On December 11, 2006, the inspectors reviewed inspection documentation where the licensee noted degradation considered to be due to MIC that reduced the pipe wall thickness. The licensee had experienced through-wall failures in SW piping due to MIC as late as 2004 (IR 05000266/2005010; 05000301/2005010) and inspection results from 2001 through 2006 showed that portions of the SW pipe suffered varying degrees of wall thinning due to this mechanism. The licensees experience with this flaw mechanism should result in an inspection methodology to identify and characterize the flaws. Flaw characterization was important for the licensee to be able to evaluate piping integrity issues, including operability and Code compliance, to make decisions on supplemental examinations of other sections of pipe, and to adjust inspection frequency, as necessary, of the flawed section of pipe.

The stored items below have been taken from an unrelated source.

(* The contraction is a locally transitive local tournament: local
   semicompleteness passes to hubs through representatives, and a directed
   triangle in a neighbourhood is excluded by hub_triangle_two_sided. *)
Lemma contraction_loc_trans : loc_trans_tournament (contraction arc hub).
Proof.
have adjacent i j a b : a \in hub i -> b \in hub j -> i != j ->
    arc a b || arc b a -> contraction arc hub i j || contraction arc hub j i.
  move=> ai bj ij /orP[ab | ba]; first by rewrite (contraction_of_arc ai bj ij ab).
  by rewrite (contraction_of_arc bj ai _ ba) ?orbT // eq_sym.
have distinct i j a b : a \in hub i -> b \in hub j -> i != j -> a != b.
  by move=> ai bj; apply: contra => /eqP ab; rewrite -ab in bj; rewrite (hub_eq ai bj).
split.
- by move=> x; rewrite /contraction eqxx.
- move=> x y xy; have [a ax] := hub_nonempty x; have [b bY] := hub_nonempty y.
  apply/negP => yx; case/andP: (contraction_arcs xy ax bY) => _.
  by case/andP: (contraction_arcs yx bY ax) => ->.
- move=> x a b xa xb ab; have [u ux] := hub_nonempty x.
  have [wa wai] := hub_nonempty a; have [wb wbi] := hub_nonempty b.
  apply: (adjacent _ _ _ _ wai wbi ab); have [out _] := arc_lsc u.
  apply: out (distinct _ _ _ _ wai wbi ab); rewrite inE.
  + by case/andP: (contraction_arcs xa ux wai).
  + by case/andP: (contraction_arcs xb ux wbi).
- move=> x a b ax bx ab; have [u ux] := hub_nonempty x.
  have [wa wai] := hub_nonempty a; have [wb wbi] := hub_nonempty b.
  apply: (adjacent _ _ _ _ wai wbi ab); have [_ inn] := arc_lsc u.
  apply: inn (distinct _ _ _ _ wai wbi ab); rewrite inE.
  + by case/andP: (contraction_arcs ax wai ux).
  + by case/andP: (contraction_arcs bx wbi ux).
- move=> x a b c xa xb xc ab bc ca; have [u ux] := hub_nonempty x.
  apply: (hub_triangle_two_sided (u := u) ab bc ca); right.
  by rewrite !subUset (hub_out_side xa ux) (hub_out_side xb ux) (hub_out_side xc ux).
- move=> x a b c ax bx cx ab bc ca; have [u ux] := hub_nonempty x.
  apply: (hub_triangle_two_sided (u := u) ab bc ca); left.
  by rewrite !subUset (hub_in_side ax ux) (hub_in_side bx ux) (hub_in_side cx ux).
Qed.

(* There are at least two hubs: a single hub would be all of V and would
   contain the vertex witnessing that it is a weak hub, giving a loop. *)
Lemma hub_count_ge2 : loopless arc -> 0 < #|V| -> 1 < #|maximal_hubs|.
Proof.
move=> noloop /card_gt0P[v0 _]; rewrite ltnNge; apply/negP => small.
have ord0_only (i : 'I_#|maximal_hubs|) : val i = 0.
  by apply/eqP; rewrite -leqn0 -ltnS (leq_trans (ltn_ord i) small).
have [i0 _] := hub_cover v0.
have [[_ [x side]] _] := hub_maximal i0.
have [l xl] := hub_cover x.
have li0 : l = i0 by apply: val_inj; rewrite !ord0_only.
rewrite li0 in xl; have := noloop x.
by case: side => /subsetP/(_ x xl); rewrite !inE => /andP[_ ->].
Qed.

End HubPartition.
End NonMixedHubs.

Theorem lemma4p3 (V : finType) (arc : rel V) :
  loopless arc ->
  dconnected arc ->
  locally_semicomplete arc ->
  (forall X : {set V}, maximal_weak_hub arc X -> ~ mixed arc X) ->
  (semicomplete arc /\ exists x, universal arc x) \/
  (exists (k : nat) (X : 'I_k -> {set V}),
     [/\ 2 <= k, is_partition X,
         forall i, strong_in arc (X i)
       & round (contraction arc X)]).
Proof.
move=> noloop [V_ne conn] lsc nonmixed.
case: (classic (exists v, hubless arc v)) => [[w0 hw0] | no_hubless].
  by left; exact: (hubless_semicomplete lsc conn nonmixed hw0).
have covered v : exists X, maximal_weak_hub arc X /\ v \in X.
  apply: NNPP => nocover; apply: no_hubless; exists v => X mX.
  by apply/negP => vX; apply: nocover; exists X.
right; exists #|maximal_hubs arc|, (@hub V arc); split.
- exact: hub_count_ge2 covered noloop V_ne.
- exact: hub_partition lsc nonmixed covered.
- exact: hub_strong.
- apply: loc_trans_round.
    exact: contraction_loc_trans lsc nonmixed.
  exact: contraction_connected lsc conn nonmixed covered.
Qed.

The licensee used radiographic examination to identify wall degradation in sections of pipe determined to be most susceptible by engineering evaluation.

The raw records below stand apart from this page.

(* Let $k$ be a field of characteristic $p>0$, $P$ a finite poset, $R=\mathcal{R}_k[J(P)]$ the Hibi ring and $\mathfrak{m}=R_+$. Then \[ \liminf_{e\to\infty}\frac{\nu(p^e)}{p^e}\ \ge\ \operatorname{rank}^*P+2, \] where $\nu(p^e)=\max\{r\in\mathbb{N}\mid\mathfrak{m}^r\not\subseteq\mathfrak{m}^{[p^e]}\}$.
   Context: Let $P=\{p_1,\dots,p_N\}$ be a finite poset and $J(P)$ the set of poset ideals of $P$ (down-closed subsets, including $\emptyset$ and $P$). The Hibi ring is $\mathcal{R}_k[J(P)]=k[\,T\prod_{p_i\in I}X_i\mid I\in J(P)\,]\subseteq k[T,X_1,\dots,X_N]$, each generator in degree $1$; $\mathfrak{m}=R_+$ is generated by these generators; $\mathfrak{m}^{[q]}=(x^q\mid x\in\mathfrak{m})$. $x\lessdot y$ means $x<y$ with no $z$ satisfying $x<z<y$. A path is a sequence $C=(q_1,\dots,q_t)$ of distinct elements of $P$ with $q_1$ minimal in $P$, consecutive elements related by $q_i\lessdot q_{i+1}$ or $q_{i+1}\lessdot q_i$, and $q_{t-1}\lessdot q_t$ (when $t\ge2$); it is maximal if $q_t$ is maximal in $P$. For $1<i<t$, $q_i$ is locally maximal if $q_{i-1}\lessdot q_i$ and $q_{i+1}\lessdot q_i$, locally minimal if $q_i\lessdot q_{i-1}$ and $q_i\lessdot q_{i+1}$; $q_1$ counts as locally minimal and $q_t$ as locally maximal. The decomposition $C=A_1+D_1+\cdots+D_{n-1}+A_n$ splits $C$ into consecutive blocks: $A_1$ is $q_1$ through the first locally maximal element, $D_1$ the following elements through the next locally minimal element, $A_2$ the following elements through the next locally maximal element, etc., $A_n$ ending at $q_t$; $t(A_i)$ is the last element of $A_i$, $V(\cdot)$ the set of elements of a block, $\langle A\rangle=\{q\in P\mid q\le t(A)\}$, and $\langle A_i\setminus t(A_i)\rangle$ the poset ideal generated by the elements of $A_i$ other than $t(A_i)$. $C$ satisfies ( * ) if for all $1\le i\le n-1$: (1) $V(D_i)\cap(\bigcup_{m=1}^{i-1}\langle A_m\rangle\cup\langle A_i\setminus t(A_i)\rangle\cup\{t(A_i)\})=\emptyset$; (2) $V(A_{i+1})\cap\bigcup_{m=1}^{i}\langle A_m\rangle=\emptyset$. $\operatorname{len}^*C=\#\{i\mid q_i\lessdot q_{i+1}\}$, and $\operatorname{rank}^*P$ is the maximum of $\operatorname{len}^*C$ over maximal paths $C$ satisfying ( * ). *)

From HB Require Import structures.
From mathcomp Require Import all_boot all_order all_algebra.
From mathcomp Require Import mpoly.
From Stdlib Require Import ClassicalEpsilon.

Set Implicit Arguments.
Unset Strict Implicit.
Unset Printing Implicit Defensive.

Import Order.TTheory GRing.Theory.

Section Hibi.

Variable (k : fieldType) (d : Order.disp_t) (P : finPOrderType d).

(* Ambient polynomial ring k[T, X_p (p in P)]: variable 0 is T, variable
   (enum_rank x).+1 is X_x. *)
Definition nvars := #|P|.+1.
Definition Poly := {mpoly k[nvars]}.

Definition varT : Poly := 'X_(ord0 : 'I_nvars).
Definition varX (x : P) : Poly := 'X_(lift ord0 (enum_rank x)).

Definition poset_ideal (I : {set P}) : Prop :=
  forall x y : P, (y <= x)%O -> x \in I -> y \in I.

Definition hibi_gen (I : {set P}) : Poly := (varT * \prod_(x in I) varX x)%R.

Inductive inHibi : Poly -> Prop :=
  | Hibi_const (c : k) : inHibi (c%:MP)%R
  | Hibi_gen (I : {set P}) : poset_ideal I -> inHibi (hibi_gen I)
  | Hibi_add f g : inHibi f -> inHibi g -> inHibi (f + g)%R
  | Hibi_mul f g : inHibi f -> inHibi g -> inHibi (f * g)%R.

Inductive in_ideal (S : Poly -> Prop) : Poly -> Prop :=
  | Ideal_zero : in_ideal S 0%R
  | Ideal_gen s : S s -> in_ideal S s
  | Ideal_add f g : in_ideal S f -> in_ideal S g -> in_ideal S (f + g)%R
  | Ideal_mul r f : inHibi r -> in_ideal S f -> in_ideal S (r * f)%R.

Definition max_ideal : Poly -> Prop :=
  in_ideal (fun g => exists I, poset_ideal I /\ g = hibi_gen I).

Definition max_ideal_pow (r : nat) : Poly -> Prop :=
  in_ideal (fun g => exists fs : seq Poly,
     [/\ size fs = r, (forall f, f \in fs -> max_ideal f) & g = \prod_(f <- fs) f]%R).

Definition frob_pow (q : nat) : Poly -> Prop :=
  in_ideal (fun g => exists x, max_ideal x /\ g = (x ^+ q)%R).

Definition subideal (I J : Poly -> Prop) : Prop := forall f, I f -> J f.

Definition nu_pred (q r : nat) : Prop := ~ subideal (max_ideal_pow r) (frob_pow q).

Definition nu (q : nat) : nat :=
  epsilon (inhabits 0%N)
    (fun n => nu_pred q n /\ forall r, nu_pred q r -> (r <= n)%N).

Definition covers (x y : P) : bool :=
  ((x < y)%O && [forall z : P, ~~ ((x < z)%O && (z < y)%O)]).

Definition minimalP (x : P) : bool := [forall y : P, ~~ (y < x)%O].
Definition maximalP (x : P) : bool := [forall y : P, ~~ (x < y)%O].

Definition is_path (C : seq P) : bool :=
  if C is q1 :: rest then
    [&& uniq C, minimalP q1,
        path (fun x y => covers x y || covers y x) q1 rest
      & last true (pairmap covers q1 rest)]  (* q_{t-1} <. q_t *)
  else false.

Definition is_maximal_path (C : seq P) : bool :=
  if C is q1 :: rest then is_path C && maximalP (last q1 rest) else false.

(* split into maximal runs of up-steps / down-steps:
   the blocks are A_1, D_1, A_2, ..., D_{n-1}, A_n *)
Fixpoint runs (dir : bool) (prev : P) (s : seq P) (cur : seq P) : seq (seq P) :=
  match s with
  | [::] => [:: cur]
  | x :: s' =>
      if covers prev x == dir then runs dir x s' (rcons cur x)
      else cur :: runs (covers prev x) x s' [:: x]
  end.

Definition blocks (C : seq P) : seq (seq P) :=
  if C is q1 :: rest then runs true q1 rest [:: q1] else [::].

Definition nA (C : seq P) : nat := (size (blocks C)).+1 %/ 2.
(* 0-indexed: A i = A_{i+1}, D i = D_{i+1} *)
Definition blockA (C : seq P) (i : nat) : seq P := nth [::] (blocks C) i.*2.
Definition blockD (C : seq P) (i : nat) : seq P := nth [::] (blocks C) i.*2.+1.

Definition tB (x0 : P) (A : seq P) : P := last x0 A.

Definition genA (x0 : P) (A : seq P) : {set P} := [set q | (q <= tB x0 A)%O].

Definition genA_minus_t (A : seq P) : {set P} :=
  [set q | has (fun a => (q <= a)%O) (take (size A).-1 A)].

Definition star_cond (C : seq P) : bool :=
  if C is q1 :: _ then
    [forall i : 'I_(nA C).-1,
       let V_D := [set x in blockD C i] in
       let V_A' := [set x in blockA C i.+1] in
       let U := \bigcup_(m < i) genA q1 (blockA C m) in
       [&& V_D :&: (U :|: genA_minus_t (blockA C i)
                      :|: [set tB q1 (blockA C i)]) == set0
         & V_A' :&: (U :|: genA q1 (blockA C i)) == set0]]
  else false.

Definition len_star (C : seq P) : nat :=
  if C is q1 :: rest then count id (pairmap covers q1 rest) else 0.

(* rank^* P : max of len^* over maximal paths satisfying condition star; paths are
   duplicate-free so they have at most #|P| elements. *)
Definition rank_star : nat :=
  \max_(n < #|P|.+1) \max_(t : n.-tuple P | is_maximal_path t && star_cond t)
     len_star t.

End Hibi.

Definition liminf_ge (a : nat -> rat) (c : rat) : Prop :=
  forall eps : rat, (0 < eps)%R ->
    exists E : nat, forall e : nat, (E <= e)%N -> (c - eps <= a e)%R.

(* Write q = p^e and fix a path C satisfying the star condition with
   len^* C = rank^* P.  Since x |-> x^q is additive in characteristic p, every
   monomial of m^[q] is T^q prod_{x in I} X_x^q (I a poset ideal) times a
   monomial of the Hibi ring, i.e. one whose X_x-exponents are at most its
   T-exponent and decrease along P.  The witness is T^a prod_x X_x^b(x) in m^a,
   with a = (q-1)(len^* C + 2) and b(x) = (q-1)(len^* C + 2 - lambda(x)),
   lambda(x) being the largest level (one plus the number of up-steps so far)
   of an element of C below x.  The star condition forces lambda to be the
   level itself on the ascending blocks of C.  A decomposition as above needs
   q_1 in I and q_t outside I, so C leaves I at some step: at a down-step this
   contradicts that I is an ideal, at an up-step b drops by at most q-1 where
   it would have to drop by q.  Hence nu(q) >= (q-1)(rank^* P + 2); nu(q) is
   indeed a maximum because m^r is in m^[q] for r > 2^|P| (q-1), by
   pigeonhole. *)

From Pilot Require Import Defs.
From HB Require Import structures.
From mathcomp Require Import all_boot all_order all_algebra mpoly.
From mathcomp Require Import zify lra.
From Stdlib Require Import ClassicalEpsilon.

Use of radiography was allowed by procedure (corporate), FP-PE-SW-01, Service Water and Fire Protection Inspection Program Procedure, Revision 2.

The procedure contained suggested inspection methods for SW piping determined by engineering evaluations to be most susceptible to MIC. The licensee opted to use the radiographic examination technique referenced in the procedure. The radiography procedure used was capable of identifying areas affected by MIC but only provided wall thickness data at the tangent points to the radiographic source, typically the top, bottom, and two sides. However, these locations were not likely to correspond to the worst area of degradation in the pipe segment examined or to areas of identified MIC nodules. No additional volumetric exams were conducted to characterize the areas of observed MIC or determine the most severe wall thickness reduction in the pipe section examined.

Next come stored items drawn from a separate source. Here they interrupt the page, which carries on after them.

(* Let $a\in\mathbb{Z}$ and $b\in\mathbb{Z}_{>0}$ be coprime with $b\not\equiv 0 \pmod 4$, let $x(1)\in\mathbb{R}$, and set $p(1)=a/b$. Define $(p(i),x(i))_{i\ge 1}$ by $$p(i+1)=p(i)-\operatorname{sgn}x(i),\qquad x(i+1)=x(i)+p(i)-\operatorname{sgn}x(i),$$ and assume $x(i)\neq 0$ for all $i\ge 1$. Then the orbit is periodic: there exists an integer $k\ge 1$ with $p(k+1)=p(1)$ and $x(k+1)=x(1)$.
   Context: Here $\operatorname{sgn}(x)=x/|x|$ for $x\neq 0$ and $\operatorname{sgn}(0)=0$. *)

From Stdlib Require Import Reals ZArith Znumtheory.
Open Scope R_scope.

Definition sgn (x : R) : R :=
  match Rlt_dec 0 x with
  | left _ => 1
  | right _ => match Rlt_dec x 0 with left _ => -1 | right _ => 0 end
  end.

(* orbit p1 x1 n = (p(n+1), x(n+1)) in the paper's 1-based indexing. *)
Fixpoint orbit (p1 x1 : R) (n : nat) : R * R :=
  match n with
  | O => (p1, x1)
  | S m => let '(p, x) := orbit p1 x1 m in
           (p - sgn x, x + p - sgn x)
  end.

(* Since p changes by 1 at each step, p (n) - p (1) and b (x (n) - x (1)) are integers, and the map
   is invertible; so a bounded orbit repeats a state and therefore returns to its start.
   Boundedness comes from an energy. Let q be whichever of b and b / 2 is odd: then A = q (1 - 2 p)
   is an integer congruent to a fixed r modulo 2 q, and 2 r is invertible modulo q. While x > 0 the
   energy 8 q^2 x + A^2 is conserved, and symmetrically while x < 0. Energies are sorted into the
   slots [level mu, level (mu + 1)] of an eventually increasing sequence
   level mu = (r + 2 mu)^2 + 4 corr mu, where corr is bounded and chosen so that every sign change
   of x reflects the slot index inside a block of q consecutive slots. A positive-negative cycle
   thus moves the slot index by a map [turn] of bounded displacement with turn^q = id (the
   displacements cancel over a period), so the slot index, and with it the energy, stays bounded. *)

From Stdlib Require Import Reals ZArith Znumtheory.
From Stdlib Require Import Classical Lia Lra Psatz List Permutation FinFun.
Open Scope Z_scope.

Fixpoint zsum (F : Z -> Z) (n : nat) : Z :=
  match n with O => 0 | S n' => zsum F n' + F (Z.of_nat n') end.

Lemma zsum_ext F G n :
  (forall s, (s < n)%nat -> F (Z.of_nat s) = G (Z.of_nat s)) -> zsum F n = zsum G n.
Proof. induction n; intros H; simpl; auto. rewrite IHn, H; auto. Qed.

Lemma zsum_add F G n : zsum (fun s => F s + G s) n = zsum F n + zsum G n.
Proof. induction n; simpl; lia. Qed.

Lemma zsum_lin a b F G n :
  zsum (fun s => a * F s - b * G s) n = a * zsum F n - b * zsum G n.
Proof. induction n; simpl; lia. Qed.

Lemma zsum_const c n : zsum (fun _ => c) n = c * Z.of_nat n.
Proof. induction n; simpl; lia. Qed.

Lemma zsum_telescope f n : zsum (fun i => f (i + 1) - f i) n = f (Z.of_nat n) - f 0.
Proof. induction n; cbn [zsum]; [simpl; lia|]. rewrite IHn, Nat2Z.inj_succ. unfold Z.succ. lia. Qed.

Lemma zsum_fold F n : zsum F n = fold_right Z.add 0 (map F (map Z.of_nat (seq 0 n))).
Proof.
  induction n; [reflexivity|].
  cbn [zsum]. rewrite seq_S, !map_app, fold_right_app, IHn; simpl.
  generalize (map F (map Z.of_nat (seq 0 n))). induction l; simpl; lia.
Qed.

Lemma fold_right_add_perm l l' : Permutation l l' -> fold_right Z.add 0 l = fold_right Z.add 0 l'.
Proof. induction 1; simpl; lia. Qed.

Lemma In_range_seq q z : 0 <= q -> In z (map Z.of_nat (seq 0 (Z.to_nat q))) <-> 0 <= z < q.
Proof.
  intros Hq. rewrite in_map_iff. split.
  - intros [n [<- Hn]]. apply in_seq in Hn. lia.
  - intros Hz. exists (Z.to_nat z). rewrite in_seq. split; lia.
Qed.

(* A full period of a [q]-periodic function is permuted by [s |-> c + k s] when [k] is a unit mod [q]. *)
Lemma zsum_reindex_mod q F c k u v :
  0 < q -> (forall x, F x = F (x mod q)) -> u * k + v * q = 1 ->
  zsum (fun s => F (c + k * s)) (Z.to_nat q) = zsum F (Z.to_nat q).
Proof.
  intros Hq HF Hkq. rewrite !zsum_fold.
  set (L := map Z.of_nat (seq 0 (Z.to_nat q))).
  assert (HL : forall z, In z L <-> 0 <= z < q) by (intro; apply In_range_seq; lia).
  replace (map (fun s => F (c + k * s)) L) with (map F (map (fun s => (c + k * s) mod q) L))
    by (rewrite map_map; apply map_ext; intros; symmetry; apply HF).
  apply fold_right_add_perm, Permutation_map, NoDup_Permutation_bis.
  - apply Injective_map_NoDup_in.
    + intros x y Hx%HL Hy%HL Hxy.
      assert (Hdiv : (q | k * (x - y))).
      { apply Z.mod_divide; [lia|].
        replace (k * (x - y)) with ((c + k * x) - (c + k * y)) by ring.
        apply Z.cong_iff_0; exact Hxy. }
      apply Gauss in Hdiv; [|apply bezout_rel_prime, (Bezout_intro _ _ _ v u); lia].
      destruct (Z.eq_dec (x - y) 0) as [|Hne]; [lia|].
      pose proof (Zdivide_bounds _ _ Hdiv Hne); lia.
    + apply Injective_map_NoDup; [intros ? ? ?; lia|apply seq_NoDup].
  - rewrite !length_map. lia.
  - intros z Hz. apply in_map_iff in Hz as [s [<- _]]. apply HL, Z.mod_pos_bound; lia.
Qed.

Lemma zsum_div_shift q (n : nat) :
  0 < q -> zsum (fun i => (i + Z.of_nat n) / q) (Z.to_nat q) = Z.of_nat n.
Proof.
  intros Hq. induction n.
  - rewrite (zsum_ext _ (fun _ => 0)), zsum_const; [lia|].
    intros s Hs. apply Z.div_small. lia.
  - set (f := fun i => (i + Z.of_nat n) / q).
    rewrite (zsum_ext _ (fun i => f i + (f (i + 1) - f i))).
    2:{ intros s Hs. unfold f. rewrite Nat2Z.inj_succ.
        replace (Z.of_nat s + 1 + Z.of_nat n) with (Z.of_nat s + Z.succ (Z.of_nat n)) by lia. ring. }
    rewrite zsum_add. unfold f at 1. rewrite IHn, zsum_telescope. unfold f. rewrite Z2Nat.id by lia.
    replace (q + Z.of_nat n) with (Z.of_nat n + 1 * q) by ring.
    rewrite Z.div_add by lia. simpl. lia.
Qed.

Lemma bounded_seq_repeats (f : nat -> Z * Z) (K : Z) :
  (forall n, Z.abs (fst (f n)) < K /\ Z.abs (snd (f n)) < K) ->
  exists i j, (i < j)%nat /\ f i = f j.
Proof.
  intros Hf. destruct (classic (exists i j, (i < j)%nat /\ f i = f j)) as [|Hinj]; [assumption|].
  exfalso.
  set (N := Z.to_nat (2 * K)).
  set (range := map (fun n => Z.of_nat n - K) (seq 0 N)).
  assert (Hrange : forall z, -K <= z < K -> In z range).
  { intros z Hz. apply in_map_iff. exists (Z.to_nat (z + K)). rewrite in_seq. split; lia. }
  assert (Hlen : (S (N * N) <= N * N)%nat).
  { rewrite <- (length_seq (S (N * N)) 0), <- (length_map f).
    replace (N * N)%nat with (length (list_prod range range))
      by (rewrite length_prod; unfold range; rewrite length_map, length_seq; reflexivity).
    apply NoDup_incl_length.
    - apply Injective_map_NoDup_in; [|apply seq_NoDup].
      intros i j _ _ Hij. destruct (lt_eq_lt_dec i j) as [[Hlt|]|Hlt]; auto;
        exfalso; apply Hinj; [exists i, j|exists j, i]; auto.
    - intros [y z] Hyz. apply in_map_iff in Hyz as [n [Hn _]].
      destruct (Hf n) as [Hy Hz]. rewrite Hn in Hy, Hz.
      apply in_prod; apply Hrange; simpl in *; lia. }
  lia.
Qed.

Section OrbitReturns.

Local Open Scope R_scope.

Variables p1 x1 : R.

Lemma orbit_S n : orbit p1 x1 (S n) =
  (fst (orbit p1 x1 n) - sgn (snd (orbit p1 x1 n)),
   snd (orbit p1 x1 n) + fst (orbit p1 x1 n) - sgn (snd (orbit p1 x1 n))).
Proof. simpl. destruct (orbit p1 x1 n). reflexivity. Qed.

Lemma orbit_S_inj i j : orbit p1 x1 (S i) = orbit p1 x1 (S j) -> orbit p1 x1 i = orbit p1 x1 j.
Proof.
  rewrite !orbit_S. intros E. injection E as Ep Ex.
  destruct (orbit p1 x1 i) as [p x], (orbit p1 x1 j) as [p' x']. simpl in *.
  assert (x = x') as <- by lra. f_equal. lra.
Qed.

Lemma orbit_repeat_returns i j : (i < j)%nat -> orbit p1 x1 i = orbit p1 x1 j ->
  exists k, (1 <= k)%nat /\ orbit p1 x1 k = orbit p1 x1 0.
Proof.
  revert j. induction i as [|i IH]; intros j Hij E.
  - exists j. split; [lia|auto].
  - destruct j as [|j]; [lia|]. apply (IH j); [lia|]. apply orbit_S_inj, E.
Qed.

End OrbitReturns.

Section Levels.

Variables q r u v : Z.
Hypothesis q_pos : 0 < q.
Hypothesis r_range : 0 <= r < 2 * q.
Hypothesis inv_2r : u * (2 * r) + v * q = 1.

Definition bump (y : Z) : Z := (y mod q) * (q - y mod q).

Lemma bump_add_mul x m : bump (x + m * q) = bump x.
Proof. unfold bump. rewrite Z.mod_add; lia. Qed.

Lemma bump_mod x : bump (x mod q) = bump x.
Proof. unfold bump. rewrite Z.mod_mod; lia. Qed.

Lemma bump_opp x : bump (- x) = bump x.
Proof.
  unfold bump. destruct (Z.eq_dec (x mod q) 0).
  - rewrite Z.mod_opp_l_z; lia.
  - rewrite Z.mod_opp_l_nz; lia.
Qed.

Lemma bump_bound x : 0 <= bump x <= q * q.
Proof. unfold bump. pose proof (Z.mod_pos_bound x q q_pos). nia. Qed.

Lemma bump_small l : 0 <= l <= q -> bump l = l * (q - l).
Proof.
  intros Hl. unfold bump. destruct (Z.eq_dec l q) as [->|].
  - rewrite Z.mod_same; lia.
  - rewrite Z.mod_small; lia.
Qed.

Definition corr_incr (z : Z) : Z := 2 * bump (r - z) - 2 * bump z.

Lemma corr_incr_add_mul x m : corr_incr (x + m * q) = corr_incr x.
Proof.
  unfold corr_incr. rewrite bump_add_mul.
  replace (r - (x + m * q)) with (r - x + - m * q) by ring. rewrite bump_add_mul. reflexivity.
Qed.

Lemma corr_incr_mod x : corr_incr (x mod q) = corr_incr x.
Proof.
  rewrite (Z.div_mod x q) at 2 by lia.
  rewrite Z.add_comm, Z.mul_comm, corr_incr_add_mul. reflexivity.
Qed.

(* [nsteps x] is the number of steps of [- 2 r] leading from [0] to [x] modulo [q]. *)
Definition nsteps (x : Z) : Z := (- x * u) mod q.

Lemma nsteps_range x : 0 <= nsteps x < q.
Proof. apply Z.mod_pos_bound; lia. Qed.

Lemma nsteps_spec x : (q | x + 2 * r * nsteps x).
Proof.
  unfold nsteps. rewrite Z.mod_eq by lia.
  exists (x * v - 2 * r * ((- x * u) / q)).
  replace x with (x * (u * (2 * r) + v * q)) at 1 by (rewrite inv_2r; ring). ring.
Qed.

For example, the 2006 radiography results from pipe Section EDG08-FP-S-01-06 was reviewed and it showed minimal wall thickness reduction (all thicknesses were greater than 87 percent of nominal wall) based on the tangential views.

However, the radiographer had noted that extreme nodular build-up was identified and recommended ultrasonic thickness testing on off-tangent pits, but additional examinations were not conducted or scheduled. The inspectors concluded that there was no assurance provided that the pits identified met the Code requirements for wall thickness or could be evaluated for operability. Also, informed decisions on additional examinations for this section or other pipe sections could not be made without characterization of the wall thickness of all the flaws in the inspected section of pipe.

Analysis:

The inspectors concluded that the failure of the licensee procedure to ensure all flaws identified in the inspected pipe segments were adequately characterized and evaluated is a performance deficiency warranting a significance evaluation. The inspectors reviewed this finding against the guidance contained in Inspection Manual Chapter (IMC) 0612, Power Reactor Inspection Reports, Appendix B, Issue Dispositioning Screening, dated September 30, 2005. The inspectors concluded that this finding is greater than minor because it was associated with the procedure quality attribute of the Mitigating System cornerstone and affected the cornerstone objective to ensure the availability, reliability, and capability of systems that respond to initiating events to prevent undesirable consequences (i.e., core damage). Specifically, the procedure did not require adequate characterization of the extent of MIC in SW piping to ensure that MIC degradation would not result in failure of the SW piping pressure boundary.

The inspectors evaluated the finding using the guidance in IMC 0609, Appendix A, Significance Determination of Reactor Inspection Findings for At-Power Situations. The inspectors answered yes to the question of in the Mitigating Systems Cornerstone worksheet that asked if the finding was a design or qualification deficiency confirmed not to result in loss of function per NRC Generic Letter 91-18. Therefore, the inspectors determined that this finding was of very low risk significance (Green). Specifically, there is no evidence of through-wall leakage or actual degradation that exceeded the Code wall thickness acceptance criteria.

Enforcement:

Title 10 CFR Part 50, Appendix B, Criterion V, Instructions, Procedures, and Drawings, requires, in part, that activities affecting quality be prescribed by documents, instructions, procedures, or drawings and be accomplished in accordance with these instructions, procedures, or drawings.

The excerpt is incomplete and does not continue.